DATO 6: Nel pianificare un’operazione, si enumerano le linee di azione del nemico e le si confronta con le proprie. Si opta per ciò che dà maggiore possibilità di successo e minori rischi. 
DATO 7: L’operazione era “coordinata” dalla Procura di Verona, atteso che si trattava di eseguire un provvedimento giudiziario su persone che avevano manifestato intenzioni violente. Il Procuratore Capo pare fosse sul terreno, unitamente ai vertici locali dell’Arma a livello provinciale. 
DATO 8: L’Autorità Giudiziaria può chiedere di compiere un intervento, e imporre all’organo tecnico di polizia di non usare questo o quel materiale, ma non può disporre quale procedura tattica d’azione impiegare. Carabinieri e poliziotti sono comandati dai rispettivi superiori gerarchici. Se l’A. G. avanza delle richieste/limitazioni, esiste pur sempre un contraddittorio. In sintesi: il Procuratore può vietare d’impiegare i lacrimogeni o le flash-bang-bombs, ma il Comandante della forza di polizia ha la prerogativa di poter (dover?) informare che le limitazioni imposte rendono più difficoltosa/rischiosa o addirittura impossibile l’esecuzione della missione, indicando i pericoli, soprattutto per l’incolumità del proprio personale e della parte contrapposta. Facendo eventualmente verbalizzare il tutto, comprese le disposizioni impartitegli da chicchessia (Superiori, Magistrati, Autorità politiche e di governo, nazionale e locale) che non condivide, a futura memoria e a propria tutela. Il nastro – quando ci son dei morti – non si riavvolge col tasto REWIND, quindi è saggio adottare precauzioni. I morti causano processi: meglio avere qualche carta in mano, per non dover pagare i danni.  
DATO 9: Considerato il numero di feriti, vi era molto personale operante addossato all’obbiettivo, compreso sul tetto. Evidente che si volesse irrompere con azione fulminea. Opzione sostanzialmente incompatibile alla linea d’azione prospettata dall’avversario, che aveva dichiarato di voler provocare un’esplosione catastrofica. 
DATO 10: Il dispositivo operante prevedeva Aliquota Intervento Operativo (API) e Squadra Operativa di Supporto (SOS) dell’Arma e UOPI della Polizia di Stato. Si tratta di unità che ricevono un addestramento “dedicato”, ancorchè non all’altezza di G.I.S. e N.O.C.S.. Non so se le procedure fossero compatibili e se fosse stata svolta adeguata attività addestrativa congiunta, necessaria per intervento che da condurre in tempi ristrettissimi, per neutralizzare i Ramponi prima che dessero “fuoco alle polveri”. 
DATO 11: Due dei Caduti hanno 56 anni, oggettivamente troppi per essere la “punta di lancia” di un’operazione speciale di polizia.

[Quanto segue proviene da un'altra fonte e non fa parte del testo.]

(* Besides the pairs through the inserted zero and the gap pairs of [y], the
   pair [(k-1, k)] of [y] becomes a gap pair once the zero separates it. *)
Lemma prod_gap_pairs_ins0 (S : comPzRingType) M (a : S) (k : 'I_M.+1)
    (z : 'I_M.+1 -> S) (y : 'I_M -> S) :
  z k = 0 -> (forall i : 'I_M, z (lift k i) = y i) ->
  \prod_(i < M.+1) \prod_(j < M.+1 | (i.+1 < j)%N) (a * z i - z j) =
  (\prod_(j < M | (k < j)%N) - y j) * (\prod_(i < M | (i.+1 < k)%N) (a * y i)) *
  (\prod_(i < M | i.+1 == k) \prod_(j < M | j == k :> nat) (a * y i - y j)) *
  \prod_(i < M) \prod_(j < M | (i.+1 < j)%N) (a * y i - y j).
Proof.
move=> zk zl.
rewrite (big_ord_lift_cond _ k) (big_ord_lift_cond _ k) /= ltnNge leqnSn mul1r zk mulr0.
have -> : \prod_(j < M | (k.+1 < lift k j)%N) (0 - z (lift k j)) =
          \prod_(j < M | (k < j)%N) - y j.
  by apply: eq_big => j; rewrite ?zl ?sub0r //= bumpE; case: (leqP k j); lia.
rewrite -!mulrA; congr (_ * _).
have row (i : 'I_M) :
    \prod_(j < M.+1 | ((lift k i).+1 < j)%N) (a * z (lift k i) - z j) =
    (if (i.+1 < k)%N then a * y i else 1) *
    ((\prod_(j < M | (i.+1 < j)%N) (a * y i - y j)) *
     \prod_(j < M | (i.+1 == k) && (j == k :> nat)) (a * y i - y j)).
  rewrite (big_ord_lift_cond _ k) zk subr0 zl (bigID (fun j : 'I_M => i.+1 < j)%N) /=.
  congr (_ * (_ * _)).
  - by rewrite (_ : ((bump k i).+1 < k)%N = (i.+1 < k)%N) // bumpE; case: (leqP k i); lia.
  - apply: eq_big => j; rewrite ?zl // !bumpE; apply: andb_idl => ij.
    by case: (leqP k i) => ki; case: (leqP k j) => kj; lia.
  apply: eq_big => j; rewrite ?zl // !bumpE.
  by case: (leqP k i); case: (leqP k j); case: eqP; case: eqP => /=; lia.
under eq_bigr do rewrite row.
rewrite big_split [in RHS](big_mkcond (fun i : 'I_M => (i.+1 < k)%N)) /=.
congr (_ * _); rewrite big_split mulrC; congr (_ * _).
rewrite [RHS]big_mkcond; apply: eq_bigr => i _ /=.
by case: (i.+1 == k); last by rewrite big_pred0.
Qed.

Lemma Rins_Deltahat N (k : 'I_N.+1) :
  Rins k (Deltahat N.+1) =
  (\prod_(j < N | (k < j)%N) - 'X_j) * (\prod_(i < N | (i.+1 < k)%N) (q%:MP * 'X_i)) *
  (\prod_(i < N | i.+1 == k) \prod_(j < N | j == k :> nat) (q%:MP * 'X_i - 'X_j)) *
  Deltahat N.
Proof.
rewrite /Deltahat {1}RinsE rmorph_prod /=.
under eq_bigr => i _ do rewrite rmorph_prod /=.
under eq_bigr => i _ do under eq_bigr => j _ do
  rewrite rmorphB rmorphM /= comp_mpolyC -!RinsE !RinsX.
exact: prod_gap_pairs_ins0 (ins0_id _ _) (ins0_lift k).
Qed.

Definition prodX_lt N a : P N := \prod_(j < N | (j < a)%N) 'X_j.
Definition prodX_gt N b : P N := \prod_(j < N | (b < j)%N) 'X_j.

Definition qomit N (i : nat) : P N := q%:MP ^+ i * \prod_(j < N | (j : nat) != i) 'X_j.

(* The weight of [Rins k f] in the alternating sum; summing by parts against it
   produces the differences [Rins i.+1 f - Rins i f = 'X_i * Top i f]. *)
Definition qomit_diff N (k : nat) : P N :=
  (if (0 < k)%N then qomit N k.-1 else 0) - (if (k < N)%N then qomit N k else 0).

Lemma qomitE N i : qomit N i = q%:MP ^+ i * (prodX_lt N i * prodX_gt N i).
Proof.
rewrite /qomit /prodX_lt /prodX_gt (bigID (fun j : 'I_N => j < i)%N) /=.
by congr (_ * (_ * _)); apply: eq_bigl => j; case: ltngtP.
Qed.

Lemma prodX_gt_ge N b : (N <= b.+1)%N -> prodX_gt N b = 1.
Proof. by move=> Nb; rewrite /prodX_gt big_pred0 // => j; have := ltn_ord j; lia. Qed.

Lemma prodX_ltS N k :
  (k < N.+1)%N -> prodX_lt N.+1 k.+1 = prodX_lt N.+1 k * 'X_(inord k).
Proof.
move=> kN; rewrite /prodX_lt (bigD1 (inord k)) /= ?inordK ?ltnSn // mulrC.
congr (_ * _); apply: eq_bigl => j; rewrite -(inj_eq val_inj) /= inordK //.
by case: ltngtP; lia.
Qed.

Lemma prodX_gtS N k :
  (k.+1 < N.+1)%N -> prodX_gt N.+1 k = 'X_(inord k.+1) * prodX_gt N.+1 k.+1.
Proof.
move=> kN; rewrite /prodX_gt (bigD1 (inord k.+1)) /= ?inordK ?ltnSn //.
congr (_ * _); apply: eq_bigl => j; rewrite -(inj_eq val_inj) /= inordK //.
by case: ltngtP; lia.
Qed.

Lemma Rins_Deltahat_qomit M (k : 'I_M.+2) :
  (-1) ^+ (k + M.+1) * Rins k (Deltahat M.+2) = Deltahat M.+1 * qomit_diff M.+1 k.
Proof.
rewrite Rins_Deltahat prod_adjacent_pair prodrN_cond prodrMl_cond sum1_ord_gt.
rewrite -/(prodX_gt _ k) /qomit_diff !qomitE.
case: k => [[|k] /= kM].
  by rewrite !big_pred0 // /prodX_lt big_pred0 // !mulrA sign_pair //; ring.
have -> : (\sum_(i < M.+1 | (i.+1 < k.+1)%N) 1 = k)%N.
  by rewrite (eq_bigl _ _ (fun i => ltnS _ _)) sum1_ord_lt; apply/minn_idPl; lia.
rewrite (eq_bigl _ _ (fun i => ltnS _ _)) -/(prodX_lt _ k).
have [->|kM'] := eqVneq k M.
  rewrite ltnn /= !prodX_gt_ge // (_ : (M.+1 - M.+2 = 0)%N); last by lia.
  by rewrite expr0 addnn -signr_odd odd_double; ring.
have kltM : (k < M)%N by lia.
rewrite ltnS kltM (prodX_gtS kltM) (prodX_ltS (ltnW kltM)) /=.
by rewrite !mulrA (@sign_pair _ M k.+1) // exprS; ring.
Qed.

(** * The recursion *)

Lemma sum_qomit_diff N (a : nat -> P N) :
  \sum_(k < N.+1) qomit_diff N k * a k = \sum_(i < N) qomit N i * (a i.+1 - a i).
Proof.
rewrite /qomit_diff; under eq_bigr do rewrite mulrBl.
rewrite sumrB big_ord_recl big_ord_recr /= ltnn !mul0r add0r addr0.
under [RHS]eq_bigr do rewrite mulrBr.
by rewrite sumrB; congr (_ - _); apply: eq_bigr => i _; rewrite ltn_ord.
Qed.

Lemma Rins_alternating_sum M (f : P M.+2) :
  \sum_(k < M.+2) (-1) ^+ (k + M.+1) * Rins k (f * Deltahat M.+2) =
  (\prod_(i < M.+1) 'X_i) * (Sop f * Deltahat M.+1).
Proof.
under eq_bigr => k _ do
  rewrite RinsM mulrCA Rins_Deltahat_qomit [Rins k f * _]mulrC -mulrA.
rewrite -mulr_sumr [RHS]mulrA [RHS]mulrC; congr (_ * _).
rewrite (sum_qomit_diff (fun k => Rins k f)) /Sop mulr_sumr; apply: eq_bigr => i _.
rewrite -mul_mpolyC rmorphXn /= /qomit -Top_exact [in RHS](bigD1 i) //=; ring.
Qed.

Lemma msym_prodX N (s : 'S_N) : msym s (\prod_(i < N) 'X_i : P N) = \prod_(i < N) 'X_i.
Proof.
rewrite rmorph_prod /=; under eq_bigr do rewrite msymXU.
by rewrite [RHS](reindex_inj (@perm_inj _ s)).
Qed.

Lemma prodX_neq0 N : (\prod_(i < N) 'X_i : P N) != 0.
Proof. by apply/prodf_neq0 => i _; apply: mpolyX_neq0. Qed.

Lemma Rins_Delta_last N : Rins N (Delta N.+1) = Delta N * \prod_(i < N) 'X_i.
Proof.
rewrite /Delta big_ord_recr /= [X in _ * X]big_pred0 => [|j]; last first.
  by rewrite ltnNge -ltnS ltn_ord.
rewrite mulr1 RinsE rmorph_prod -big_split; apply: eq_bigr => i _ /=.
rewrite rmorph_prod big_mkcond big_ord_recr /= -big_mkcond ltn_ord.
congr (_ * _); first apply: eq_bigr => j _.
all: rewrite comp_mpolyB !comp_mpolyXU -!tnth_nth !tnth_mktuple /ins0 /= ?ltn_ord ?XnE //.
by rewrite ltnn eqxx subr0.
Qed.

(* Apply [Rins M.+1], i.e. set the last variable to zero, and cancel the
   product of the remaining variables. *)
Lemma antisym_Sop M (f : P M.+2) (c : Zq) :
  antisym (f * Deltahat M.+2) = c *: Delta M.+2 ->
  antisym (Sop f * Deltahat M.+1) = c *: Delta M.+1.
Proof.
move=> /(congr1 (Rins M.+1)).
rewrite Rins_last_antisym Rins_alternating_sum antisymMl; last exact: msym_prodX.
rewrite -!mul_mpolyC RinsM RinsC Rins_Delta_last mulrA [RHS]mulrC.
by move/(mulfI (prodX_neq0 M.+1)).
Qed.

Lemma antisym_1 (g : P 1) : antisym g = g.
Proof.
rewrite /antisym (bigD1 1%g) //= big1 ?addr0 => [|s /eqP []].
  by rewrite odd_perm1 mul1r msym1m.
by apply/permP => i; rewrite !ord1.
Qed.

Lemma Ops_antisym N (g : P N.+1) (c : Zq) :
  antisym (g * Deltahat N.+1) = c *: Delta N.+1 -> Ops g = c%:MP.
Proof.
elim: N g => [|N IH] g; last by move/antisym_Sop; apply: IH.
have Delta1 : Delta 1 = 1 by rewrite /Delta big_ord1; apply: big1 => -[[|k] ?].
have Deltahat1 : Deltahat 1 = 1.
  by rewrite /Deltahat big_ord1; apply: big1 => -[[|[|k]] ?].
by rewrite Deltahat1 Delta1 antisym_1 mulr1 -mul_mpolyC mulr1.
Qed.

Theorem mainTheorem16 (n : nat) (f : {mpoly int[n.+1]}) :
  f \is [in int[n.+1], n.-homog] ->
  qdivsym (map_mpoly (@polyC int) f) =
  (embed1 n (Ops (map_mpoly (@polyC int) f)))%:F.
Proof.
move=> /(map_mpoly_homog (@polyC int)) F_homog.
set F := map_mpoly _ f in F_homog *.
have FDh_homog : F * Deltahat n.+1 \is (\sum_(i < n.+1) i)%N.-homog.
  by rewrite -sum_gap_pairs; apply: dhomogM F_homog (Deltahat_homog n.+1).
have [c FDh_c] := antisym_Delta FDh_homog.
rewrite qdivsymE FDh_c (Ops_antisym FDh_c) /embed1 comp_mpolyC.
by rewrite -mul_mpolyC rmorphM mulfK // tofrac_eq0 Delta_neq0.
Qed.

Veniamo al dunque: la dinamica – al di là del valore e del coraggio degli operanti – ci dice che l’intervento sia fallito, per cui ove l’addestramento propedeutico generico e specifico fosse stato condotto, due sono le possibilità:
non è stato sufficiente; 
la tattica scelta non era praticabile. 

Difficile comunque spiegare perché sia stata scelta una linea operativa che cozzava frontalmente con quella della parte avversa. Posso solo azzardare scenari, son certo che l’Autorità Giudiziaria veronese, e la Procura competente a giudicare sul comportamento dei magistrati di Verona, abbiano i mezzi per risolvere il rebus.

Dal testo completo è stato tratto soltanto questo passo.